My new project pony is a skewbald, and I've never had a coloured before; I'm struggling deciding what tack etc to go for.... I'm thinking brown tack, but should I go for a more 'oakbark' type colour as she's quite dark? and what about saddle cloths etc I normally use black (but might look bad with brown tack) or white, but I think white will make her look very dirty   
	
	
		
		
	


	





So, what do you think? advice and pics of your horses welcome  
	
	
		
		
	


	





This is her;


----------



## junglediva (14 October 2009)

here is my new coloured that came last week. i think im using black tack on her and red coloured saddle cloth lol but i dont know lol i shall watch the post with interest.


----------



## helenhorse (14 October 2009)

baby blue or pink would look nice, maybe orange too 
	
	
		
		
	


	




..any baby colour would suit, really


----------



## JoJo_ (14 October 2009)

I use black tack on my coloured mare. It might be hard to find a brown which will suit. Its hard to find a colour saddlecloth/boots etc to suit. I ended up going with lilac cuz I bought boots of that colour and found a saddlecloth to suit and I use black for dressage as it makes my mare's back look shorter. I think burgandy is quite nice too.


----------



## Pony_Puzz (14 October 2009)

When I bought my new one he was in brown but since he's sort of on the "going chestnut" side, I may try put him in black. Numnah wise, I personally think orange/bright red with a chestnut/light brown skewbald doesn't go brilliantly. 
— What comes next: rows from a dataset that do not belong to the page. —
(* Let $(p_n)_{n \ge 1}$ be a strictly increasing sequence of prime numbers and fix $\ell \in \mathbb{N}$. Then the Puiseux monoid $\left\langle \frac{1}{p_n p_{n+\ell}} \;\middle|\; n \in \mathbb{N} \right\rangle$ is atomic.
   Context: A Puiseux monoid is an additive submonoid of $(\mathbb{Q}_{\ge 0},+)$; $\langle S \rangle$ denotes the submonoid generated by $S$. An atom of $M$ is a nonzero element $a$ such that $a = x+y$ with $x,y \in M$ forces $x=0$ or $y=0$; $M$ is atomic if every element of $M$ is a finite sum of atoms. *)

From mathcomp Require Import all_boot all_order all_algebra.
Set Implicit Arguments. Unset Strict Implicit. Unset Printing Implicit Defensive.
Import Order.TTheory GRing.Theory Num.Theory.
Local Open Scope ring_scope.

Definition gen_monoid (S : rat -> Prop) : rat -> Prop :=
  fun x => exists s : seq rat, (forall a, a \in s -> S a) /\ x = \sum_(a <- s) a.

Definition is_atom (M : rat -> Prop) (a : rat) : Prop :=
  M a /\ a != 0 /\
  forall x y, M x -> M y -> a = x + y -> x = 0 \/ y = 0.

Definition atomic (M : rat -> Prop) : Prop :=
  forall x, M x ->
    exists s : seq rat, (forall a, a \in s -> is_atom M a) /\ x = \sum_(a <- s) a.

(* Every generator a_n = 1/(p_n p_(n+l)) is an atom.  If a_n = x + y with x, y
   nonzero, then x and y are sums of generators a_k < a_n, which forces k > n;
   such a_k have denominators prime to p_n, hence so does x + y, whereas p_n
   divides the denominator of a_n. *)

From mathcomp Require Import all_boot all_order all_algebra.
From mathcomp Require Import ring lra.
Import Order.TTheory GRing.Theory Num.Theory.
Set Implicit Arguments. Unset Strict Implicit.
Local Open Scope ring_scope.

Lemma atomic_gen_monoid (S : rat -> Prop) :
  (forall a, S a -> is_atom (gen_monoid S) a) -> atomic (gen_monoid S).
Proof. by move=> S_atom x [s [sS ->]]; exists s; split=> // a /sS /S_atom. Qed.

Section PIntegral.
Variable q : nat.
Hypothesis q_prime : prime q.

Definition pintegral (x : rat) : Prop :=
  exists N D : nat, (0 < D)%N /\ ~~ (q %| D)%N /\ x = N%:R / D%:R.

Lemma pintegral0 : pintegral 0.
Proof.
exists 0%N, 1%N; rewrite mul0r dvdn1; split=> //; split=> //.
by apply/eqP => q1; move: (prime_gt1 q_prime); rewrite q1.
Qed.

Lemma pintegralD x y : pintegral x -> pintegral y -> pintegral (x + y).
Proof.
move=> [M [C [C0 [qC ->]]]] [N [D [D0 [qD ->]]]].
exists (M * D + N * C)%N, (C * D)%N; split; first by rewrite muln_gt0 C0.
split; first by rewrite Euclid_dvdM // negb_or qC.
have C0' : (C%:R : rat) != 0 by rewrite pnatr_eq0 -lt0n.
have D0' : (D%:R : rat) != 0 by rewrite pnatr_eq0 -lt0n.
by rewrite natrD !natrM; field; rewrite C0' D0'.
Qed.

Lemma pintegralV_nat d : (0 < d)%N -> ~~ (q %| d)%N -> pintegral d%:R^-1.
Proof. by move=> d0 qd; exists 1%N, d; rewrite mul1r. Qed.

Lemma not_pintegralV_nat d : (0 < d)%N -> (q %| d)%N -> ~ pintegral d%:R^-1.
Proof.
move=> d0 qd [N [D [D0 [qD E]]]].
have d0' : (d%:R : rat) != 0 by rewrite pnatr_eq0 -lt0n.
have D0' : (D%:R : rat) != 0 by rewrite pnatr_eq0 -lt0n.
have /eqP : (D%:R : rat) = (N * d)%N%:R.
  by rewrite natrM -[N%:R](divfK D0') -E mulrAC mulVf // mul1r.
by rewrite eqr_nat => /eqP DE; move: qD; rewrite DE dvdn_mull.
Qed.

End PIntegral.

Section AtomsOfGenMonoid.
Variable S : rat -> Prop.
Hypothesis S_gt0 : forall a, S a -> 0 < a.

Lemma sum_gen_ge0 s : (forall a, a \in s -> S a) -> 0 <= \sum_(a <- s) a.
Proof. by move=> sS; rewrite big_seq sumr_ge0 // => a /sS /S_gt0 /ltW. Qed.

Lemma le_gen_sum s a :
  (forall b, b \in s -> S b) -> a \in s -> a <= \sum_(b <- s) b.
Proof.
move=> sS sa; rewrite (big_rem a sa) /= lerDl sum_gen_ge0 // => b.
by move/mem_rem; apply: sS.
Qed.

Lemma is_atom_gen_monoid (P : rat -> Prop) a :
  P 0 -> (forall x y, P x -> P y -> P (x + y)) ->
  S a -> ~ P a -> (forall b, S b -> b < a -> P b) ->
  is_atom (gen_monoid S) a.
Proof.
move=> P0 PD Sa NPa P_lt; split.
  by exists [:: a]; rewrite big_seq1; split=> // b; rewrite inE => /eqP->.
split; first by rewrite gt_eqF ?S_gt0.
move=> _ _ [s [sS ->]] [t [tS ->]] a_st.
have [s0|s_neq0] := eqVneq (\sum_(b <- s) b) 0; first by left.
have [t0|t_neq0] := eqVneq (\sum_(b <- t) b) 0; first by right.
have s_gt0 : 0 < \sum_(b <- s) b by rewrite lt0r s_neq0 sum_gen_ge0.
have t_gt0 : 0 < \sum_(b <- t) b by rewrite lt0r t_neq0 sum_gen_ge0.
exfalso; apply: NPa.
have stS b : b \in s ++ t -> S b by rewrite mem_cat => /orP[/sS|/tS].
rewrite a_st -big_cat big_seq; apply: big_ind => // b st_b; apply: P_lt.
  exact: stS.
move: st_b; rewrite mem_cat a_st => /orP[] b_in.
  by have := le_gen_sum sS b_in; lra.
by have := le_gen_sum tS b_in; lra.
Qed.

End AtomsOfGenMonoid.

Section PrimeProductGenerators.
Variables (p : nat -> nat) (l : nat).
Hypothesis p_prime : forall n, (0 < n)%N -> prime (p n).
Hypothesis p_incr : forall n, (0 < n)%N -> (p n < p n.+1)%N.

Lemma p_gt0 n : (0 < n)%N -> (0 < p n)%N.
Proof. by move/p_prime/prime_gt0. Qed.

Lemma p_ltn i j : (0 < i)%N -> (i < j)%N -> (p i < p j)%N.
Proof.
case: i => // i _; case: j => // j; rewrite ltnS.
by apply: (@homo_ltn _ (fun n => p n.+1) (fun x y => x < y)%N ltn_trans) => n;
  apply: p_incr.
Qed.

Lemma p_leq i j : (0 < i)%N -> (i <= j)%N -> (p i <= p j)%N.
Proof. by move=> i0; rewrite leq_eqVlt => /orP[/eqP->//|/(p_ltn i0)/ltnW]. Qed.

Let den n := (p n * p (n + l))%N.

Lemma den_gt0 n : (0 < n)%N -> (0 < den n)%N.
Proof. by move=> n0; rewrite muln_gt0 !p_gt0 // addn_gt0 n0. Qed.

Lemma lt_inv_den n k : (0 < n)%N -> (0 < k)%N ->
  (den k)%:R^-1 < (den n)%:R^-1 :> rat -> (n < k)%N.
Proof.
move=> n0 k0; rewrite ltf_pV2 ?posrE ?ltr0n ?den_gt0 // ltr_nat.
apply: contraLR; rewrite -!leqNgt => kn.
by rewrite leq_mul ?p_leq // ?leq_add2r // addn_gt0 k0.
Qed.

Lemma pintegral_inv_den n k : (0 < n)%N -> (n < k)%N ->
  pintegral (p n) (den k)%:R^-1.
Proof.
move=> n0 nk; have k0 : (0 < k)%N by apply: leq_trans nk.
apply: pintegralV_nat; first exact: den_gt0.
have p_neq m : (n < m)%N -> (p n %| p m)%N = false.
  move=> nm; have m0 : (0 < m)%N by apply: leq_trans nm.
  by rewrite dvdn_prime2 ?p_prime // ltn_eqF ?p_ltn.
by rewrite /den Euclid_dvdM ?p_prime // !p_neq // ltn_addr.
Qed.

Lemma is_atom_inv_den n : (0 < n)%N ->
  is_atom (gen_monoid (fun q : rat =>
    exists k : nat, (0 < k)%N /\ q = (den k)%:R^-1)) (den n)%:R^-1.
Proof.
move=> n0; apply: (@is_atom_gen_monoid _ _ (pintegral (p n))).
- by move=> _ [k [k0 ->]]; rewrite invr_gt0 ltr0n den_gt0.
- exact/pintegral0/p_prime.
- exact/pintegralD/p_prime.
- by exists n.
- by apply: not_pintegralV_nat; rewrite ?den_gt0 ?dvdn_mulr.
- move=> _ [k [k0 ->]] /(lt_inv_den n0 k0).
  exact: pintegral_inv_den.
Qed.

End PrimeProductGenerators.

Theorem proposition3p7 (p : nat -> nat) (l : nat)
  (hprime : forall n, (0 < n)%N -> prime (p n))
  (hincr : forall n, (0 < n)%N -> (p n < p n.+1)%N) :
  atomic (gen_monoid (fun q : rat =>
    exists n : nat, (0 < n)%N /\ q = ((p n * p (n + l)%N)%N%:R)^-1)).
Proof.
apply: atomic_gen_monoid => _ [n [n0 ->]].
exact: is_atom_inv_den.
Qed.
I'd try for yours green (bottle), navy or royal blue, purple, burgandy or since shes a darker skewbald red might go too and look good 
	
	
		
		
	


	




 Tack wise, she'd look nice in brown or even maybe cherry brown (unusual though)


----------



## landyandy (14 October 2009)

my piebald is in black tack with electric blue numnah, i must say it does look nice, but it was my 13 year old god daughters choice


----------



## SonnysHumanSlave (14 October 2009)

I have a skewbald, I have black tack! 
	
	
		
		
	


	




 x x


----------



## orin (14 October 2009)

i think havana tack would look smart


----------



## Hattiehorse (14 October 2009)

My skewbald (chestnuty brown) gelding is in brown tack, which I think looks nice. 
He has a white saddle pad which doesn't make him look filthy as his body is reasonably clean, it's just the legs that are yellow


----------



## ofcourseyoucan (14 October 2009)

brown tack, neutral numnah black or white boots! then you are equipped with tack that can do every job, showing, dressage, hunting, PC, RC. colored tack and numnahs are limited in their uses!


----------